### Task details
Lines where the string "split" appears are to be copied from the entries below.

[Saved data entries]

◇ ◇ ◇

Definition ev5 (C : numClosedFieldType) (p : P5 C) (a1 a2 a3 a4 a5 : C) : C :=
  ((((p.[a5%:P%:P%:P%:P]).[a4%:P%:P%:P]).[a3%:P%:P]).[a2%:P]).[a1].

Definition ev6 (C : numClosedFieldType) (p : P6 C) (a1 a2 a3 a4 a5 a6 : C) : C :=
  ev5 (p.[a6%:P%:P%:P%:P%:P]) a1 a2 a3 a4 a5.

Definition Y1 (C : numClosedFieldType) : P6 C := ('X : {poly C})%:P%:P%:P%:P%:P.
Definition Y2 (C : numClosedFieldType) : P6 C := ('X : {poly {poly C}})%:P%:P%:P%:P.
Definition Y3 (C : numClosedFieldType) : P6 C := ('X : {poly {poly {poly C}}})%:P%:P%:P.
Definition Y4 (C : numClosedFieldType) : P6 C := ('X : {poly {poly {poly {poly C}}}})%:P%:P.
Definition Y5 (C : numClosedFieldType) : P6 C := ('X : P5 C)%:P.
Definition Y6 (C : numClosedFieldType) : P6 C := 'X.

Definition Rel (C : numClosedFieldType) : P6 C :=
  Y2 C * Y3 C ^+ 2 - 4%:R * Y4 C * Y5 C - Y6 C ^+ 2.

Definition i0 : 'I_3 := @Ordinal 3 0 isT.
Definition i1 : 'I_3 := @Ordinal 3 1 isT.
Definition i2 : 'I_3 := @Ordinal 3 2 isT.

Section Coords.
Variable C : numClosedFieldType.
Implicit Types M : 'M[C]_3.
Definition cx1 M := M i0 i1.
Definition cy1 M := M i1 i0.
Definition cx2 M := M i1 i2.
Definition cy2 M := M i2 i1.
Definition cx3 M := M i0 i2.
Definition cy3 M := M i2 i0.
Definition ch1 M := M i0 i0 - M i1 i1.
Definition ch0 M := (M i0 i0 + M i1 i1) / 2%:R - M i2 i2.

Definition I1 M := ch0 M.
Definition I2 M := ch1 M ^+ 2 + 4%:R * cx1 M * cy1 M.
Definition I3 M := cx2 M * cy2 M + cx3 M * cy3 M.
Definition I4 M := ch1 M * cy2 M * cy3 M + cy1 M * cy2 M ^+ 2 - cx1 M * cy3 M ^+ 2.
Definition I5 M := ch1 M * cx2 M * cx3 M + cx1 M * cx2 M ^+ 2 - cx3 M ^+ 2 * cy1 M.
Definition I6 M := ch1 M * (cx2 M * cy2 M - cx3 M * cy3 M)
                   - 2%:R * (cy1 M * cy2 M * cx3 M + cx1 M * cx2 M * cy3 M).

Definition evI5 (p : P5 C) M := ev5 p (I1 M) (I2 M) (I3 M) (I4 M) (I5 M).
Definition evI6 (p : P6 C) M := ev6 p (I1 M) (I2 M) (I3 M) (I4 M) (I5 M) (I6 M).

Definition inR (g : 'M[C]_3 -> C) :=
  exists p : P6 C, forall M, \tr M = 0 -> g M = evI6 p M.

(* g belongs to the degree-d homogeneous component R_d of R *)
Definition inRd (d : nat) (g : 'M[C]_3 -> C) :=
  inR g /\ forall (t : C) M, \tr M = 0 -> g (t *: M) = t ^+ d * g M.

Definition lin_indep (k : nat) (f : 'I_k -> 'M[C]_3 -> C) :=
  forall c : 'I_k -> C,
    (forall M, \tr M = 0 -> \sum_(i < k) c i * f i M = 0) -> forall i, c i = 0.

(* dim_C R_d = r *)
Definition dimRd (d r : nat) :=
  (exists f : 'I_r -> 'M[C]_3 -> C, (forall i, inRd d (f i)) /\ lin_indep f) /\
  (forall f : 'I_r.+1 -> 'M[C]_3 -> C, (forall i, inRd d (f i)) -> ~ lin_indep f).
End Coords.

Definition HilbNum : {poly int} := 1 + 'X^3.
Definition HilbDen : {poly int} :=
  (1 - 'X) * (1 - 'X^2) ^+ 2 * (1 - 'X^3) ^+ 2.

From HB Require Import structures.
From mathcomp Require Import all_boot all_order all_algebra.
From mathcomp Require Import ring zify.
Import Order.TTheory GRing.Theory Num.Theory.
Local Open Scope ring_scope.
Set Implicit Arguments. Unset Strict Implicit. Unset Printing Implicit Defensive.

(* - (i) is a polynomial identity in the entries.  The explicit traceless
     matrix [section5] takes any value (a1, ..., a5) with a4 <> 0 for
     (I1, ..., I5), so a polynomial vanishing on (I1, ..., I5)(sl(3)) is
     killed by y4, hence zero: this is (ii a).  The involution [flip] of
     sl(3) fixes I1, ..., I5 and negates I6, so A(I) + I6 B(I) = 0 forces
     A(I) = 0 and I6 B(I) = 0; as I6^2 = disc(I) for a nonzero polynomial
     disc, also B = 0.  This is uniqueness in (iii).
   - Division by Rel, monic of degree 2 in y6, writes every p as
     q Rel + A + B y6 with A, B in C[y1, ..., y5] ([reduce]).  This gives
     existence in (iii), and with uniqueness it gives (ii b).
   - By (iii) the monomials I1^a I2^b I3^c I4^e I5^f I6^g with g <= 1 span R
     and are linearly independent; those of degree d form a basis of R_d, so
     dim R_d counts exponents of weighted degree d, and (iv) becomes an
     identity between generating polynomials of exponent boxes.

   Polynomials in y1, ..., y5 are handled in copies [Q1], ..., [Q5] of the
   iterated polynomial rings carrying their own canonical instances:
   unification on the iterated {poly _} types of the statement is extremely
   slow, whereas the copies are convertible to them, so results are
   transported by conversion (checked by the kernel, [exact_no_check] only
   skipping the slow elaboration-time check).  For the same reason, all
   computations on P6 C apply the morphism laws to explicit arguments, and
   the coercions between these types are expanded eagerly: *)
Strategy expand [reverse_coercion].

Section MatrixLevel.
Variable C : numClosedFieldType.
Implicit Types (M : 'M[C]_3) (t : C).

Lemma syzygy M : I2 M * I3 M ^+ 2 - 4%:R * I4 M * I5 M - I6 M ^+ 2 = 0.
Proof. rewrite /I2 /I3 /I4 /I5 /I6; ring. Qed.

Lemma mxtrace3 M : \tr M = M i0 i0 + M i1 i1 + M i2 i2.
Proof.
by rewrite /mxtrace !big_ord_recr big_ord0 /= add0r; congr (_ + _ + _);
  congr (M _ _); apply: val_inj.
Qed.

Definition mx3 (m11 m12 m13 m21 m22 m23 m31 m32 m33 : C) : 'M[C]_3 :=
  \matrix_(i < 3, j < 3)
    nth 0 (nth [::] [:: [:: m11; m12; m13]; [:: m21; m22; m23];
                        [:: m31; m32; m33]] i) j.

Lemma mx3_trace m11 m12 m13 m21 m22 m23 m31 m32 m33 :
  \tr (mx3 m11 m12 m13 m21 m22 m23 m31 m32 m33) = m11 + m22 + m33.
Proof. by rewrite mxtrace3 !mxE. Qed.

(* The involution of sl(3) exchanging m11, m22 and negating m13, m31, i.e.
   changing the signs of h1, x3 and y3: it separates I6 from I1, ..., I5. *)
Definition flip M : 'M[C]_3 :=
  mx3 (M i1 i1) (M i0 i1) (- M i0 i2) (M i1 i0) (M i0 i0) (M i1 i2)
      (- M i2 i0) (M i2 i1) (M i2 i2).

Lemma flip_trace M : \tr (flip M) = \tr M.
Proof. by rewrite mx3_trace mxtrace3 (addrC (M i1 i1)). Qed.

Lemma flip_fixes M :
  [/\ I1 (flip M) = I1 M, I2 (flip M) = I2 M, I3 (flip M) = I3 M,
      I4 (flip M) = I4 M & I5 (flip M) = I5 M].
Proof.
rewrite /I1 /I2 /I3 /I4 /I5 /ch0 /ch1 /cx1 /cy1 /cx2 /cy2 /cx3 /cy3 !mxE /=.
by split; ring.
Qed.

Lemma flip_I6 M : I6 (flip M) = - I6 M.
Proof. rewrite /I6 /ch1 /cx1 /cy1 /cx2 /cy2 /cx3 /cy3 !mxE /=; ring. Qed.

Lemma invariantsZ t M :
  [/\ I1 (t *: M) = t * I1 M, I2 (t *: M) = t ^+ 2 * I2 M,
      I3 (t *: M) = t ^+ 2 * I3 M, I4 (t *: M) = t ^+ 3 * I4 M
    & I5 (t *: M) = t ^+ 3 * I5 M].
Proof.
rewrite /I1 /I2 /I3 /I4 /I5 /ch0 /ch1 /cx1 /cy1 /cx2 /cy2 /cx3 /cy3 !mxE.
by split; ring.
Qed.

Lemma I6Z t M : I6 (t *: M) = t ^+ 3 * I6 M.
Proof. rewrite /I6 /ch1 /cx1 /cy1 /cx2 /cy2 /cx3 /cy3 !mxE; ring. Qed.

Lemma natC_neq0 n : (n.+1%:R : C) != 0.
Proof. by rewrite pnatr_eq0. Qed.

(* A traceless matrix with prescribed values a1, ..., a5 of I1, ..., I5,
   provided a4 <> 0; the square root is where closedness of C is used. *)
Definition section5 (a1 a2 a3 a4 a5 : C) : 'M[C]_3 :=
  let x1 := a2 / (4%:R * a4) in
  let r := sqrtC ((x1 * a3 ^+ 2 - a5) / a4) in
  mx3 (a1 / 3%:R) x1 r a4 (a1 / 3%:R) a3 0 1 (- (2%:R * a1 / 3%:R)).

Lemma section5_trace a1 a2 a3 a4 a5 : \tr (section5 a1 a2 a3 a4 a5) = 0.
Proof. by have h3 := natC_neq0 2; rewrite mx3_trace; field. Qed.

Lemma section5_invariants a1 a2 a3 a4 a5 : a4 != 0 ->
  let M := section5 a1 a2 a3 a4 a5 in
  [/\ I1 M = a1, I2 M = a2, I3 M = a3, I4 M = a4 & I5 M = a5].
Proof.
move=> a4n0 /=; have h2 := natC_neq0 1; have h3 := natC_neq0 2.
rewrite /I1 /I2 /I3 /I4 /I5 /ch0 /ch1 /cx1 /cy1 /cx2 /cy2 /cx3 /cy3 !mxE /=.
by split; [field | field | ring | ring | rewrite sqrtCK; field].
Qed.
End MatrixLevel.

Section EvaluationMorphisms.
Variable C : numClosedFieldType.

(* Maps preserving 0, 1, + and *; evaluations of polynomials are such maps.
   Semirings (rather than rings) keep canonical-structure inference cheap on
   iterated polynomial types. *)
Definition eval_hom (R : nzSemiRingType) (phi : R -> C) :=
  [/\ phi 0 = 0, phi 1 = 1, forall x y, phi (x + y) = phi x + phi y
    & forall x y, phi (x * y) = phi x * phi y].

Definition central (R : nzSemiRingType) (z : R) := forall r, z * r = r * z.

Lemma central_polyC (R : nzSemiRingType) (z : R) : central z -> central z%:P.
Proof. by move=> hz r; apply/polyP => i; rewrite coefCM coefMC hz. Qed.

Lemma centralC (a : C) : central a.
Proof. by move=> r; rewrite mulrC. Qed.

Lemma eval_hom_horner (R : nzSemiRingType) (phi : R -> C) (z : R) :
  eval_hom phi -> central z -> eval_hom (fun p : {poly R} => phi p.[z]).
Proof.
case=> h0 h1 hD hM hz; split=> [|||x y]; rewrite ?horner0 ?hornerC //.
  by move=> x y; rewrite hornerD hD.
by rewrite hornerM_comm ?hM // /comm_poly hz.
Qed.

Section Laws.
Variables (R : nzSemiRingType) (phi : R -> C).
Hypothesis hphi : eval_hom phi.

Lemma eval_sum I (r : seq I) (F : I -> R) :
  phi (\sum_(i <- r) F i) = \sum_(i <- r) phi (F i).
Proof.
have [h0 _ hD _] := hphi; elim: r => [|x r IH]; first by rewrite !big_nil.
by rewrite !big_cons hD IH.
Qed.

Lemma eval_exp x n : phi (x ^+ n) = phi x ^+ n.
Proof.
have [_ h1 _ hM] := hphi.
by elim: n => [|n IH]; rewrite ?expr0 // !exprS hM IH.
Qed.

Lemma eval_nat n : phi n%:R = n%:R.
Proof.
have [h0 h1 hD _] := hphi.
by elim: n => [|n IH]; rewrite // !mulrS hD h1 IH.
Qed.
End Laws.

Lemma eval_opp (R : nzRingType) (phi : R -> C) x :
  eval_hom phi -> phi (- x) = - phi x.
Proof.
case=> h0 _ hD _; apply/eqP; rewrite -subr_eq0 opprK -hD.
by rewrite addNr h0.
Qed.

Lemma ev5_hom (a1 a2 a3 a4 a5 : C) :
  eval_hom (fun p : P5 C => ev5 p a1 a2 a3 a4 a5).
Proof.
apply: (eval_hom_horner (phi := fun p => (((p.[a4%:P%:P%:P]).[a3%:P%:P]).[a2%:P]).[a1])).
  apply: (eval_hom_horner (phi := fun p => ((p.[a3%:P%:P]).[a2%:P]).[a1])).
    apply: (eval_hom_horner (phi := fun p => (p.[a2%:P]).[a1])).
      apply: (eval_hom_horner (phi := fun p => p.[a1])).
        by apply: (eval_hom_horner (phi := id)) (centralC a1).
      exact/central_polyC/centralC.
    exact/central_polyC/central_polyC/centralC.
  exact/central_polyC/central_polyC/central_polyC/centralC.
exact/central_polyC/central_polyC/central_polyC/central_polyC/centralC.
Qed.

Lemma ev6_hom (a1 a2 a3 a4 a5 a6 : C) :
  eval_hom (fun p : P6 C => ev6 p a1 a2 a3 a4 a5 a6).
Proof.
apply: (eval_hom_horner (phi := fun p => ev5 p a1 a2 a3 a4 a5)); first exact: ev5_hom.
exact/central_polyC/central_polyC/central_polyC/central_polyC/central_polyC/centralC.
Qed.

Lemma ev5_const (t a1 a2 a3 a4 a5 : C) : ev5 t%:P%:P%:P%:P%:P a1 a2 a3 a4 a5 = t.
Proof. by rewrite /ev5 !hornerC. Qed.

Lemma ev6C (c : P5 C) a1 a2 a3 a4 a5 a6 :
  ev6 c%:P a1 a2 a3 a4 a5 a6 = ev5 c a1 a2 a3 a4 a5.
Proof. by rewrite /ev6 hornerC. Qed.

Lemma ev6X a1 a2 a3 a4 a5 a6 : ev6 ('X : P6 C) a1 a2 a3 a4 a5 a6 = a6.
Proof. by rewrite /ev6 hornerX ev5_const. Qed.
End EvaluationMorphisms.

Section FiveVariables.
Variable C : numClosedFieldType.

Definition Q1 := {poly C}.
HB.instance Definition _ := GRing.IntegralDomain.copy Q1 {poly C}.
Definition Q2 := {poly Q1}.
HB.instance Definition _ := GRing.IntegralDomain.copy Q2 {poly Q1}.
Definition Q3 := {poly Q2}.
HB.instance Definition _ := GRing.IntegralDomain.copy Q3 {poly Q2}.
Definition Q4 := {poly Q3}.
HB.instance Definition _ := GRing.IntegralDomain.copy Q4 {poly Q3}.
Definition Q5 := {poly Q4}.
HB.instance Definition _ := GRing.IntegralDomain.copy Q5 {poly Q4}.

Definition l1 (a : C) : Q1 := a%:P.
Definition l2 (a : C) : Q2 := (l1 a)%:P.
Definition l3 (a : C) : Q3 := (l2 a)%:P.
Definition l4 (a : C) : Q4 := (l3 a)%:P.
Definition l5 (a : C) : Q5 := (l4 a)%:P.

Definition y2 : Q5 := ((('X : Q2)%:P : Q3)%:P : Q4)%:P.
Definition y3 : Q5 := (('X : Q3)%:P : Q4)%:P.
Definition y4 : Q5 := ('X : Q4)%:P.
Definition y5 : Q5 := 'X.

Definition qe5 (p : Q5) (a1 a2 a3 a4 a5 : C) : C :=
  ((((p.[l4 a5]).[l3 a4]).[l2 a3]).[l1 a2]).[a1].

(* The kernel checks the conversion; elaborating it is the slow part. *)
Lemma ev5E (p : P5 C) a1 a2 a3 a4 a5 :
  ev5 p a1 a2 a3 a4 a5 = qe5 (p : Q5) a1 a2 a3 a4 a5.
Proof. exact_no_check (erefl (ev5 p a1 a2 a3 a4 a5)). Qed.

◇ ◇ ◇

### Response
by split; ring.
by split; ring.
by split; [field | field | ring | ring | rewrite sqrtCK; field].
case=> h0 h1 hD hM hz; split=> [|||x y]; rewrite ?horner0 ?hornerC //.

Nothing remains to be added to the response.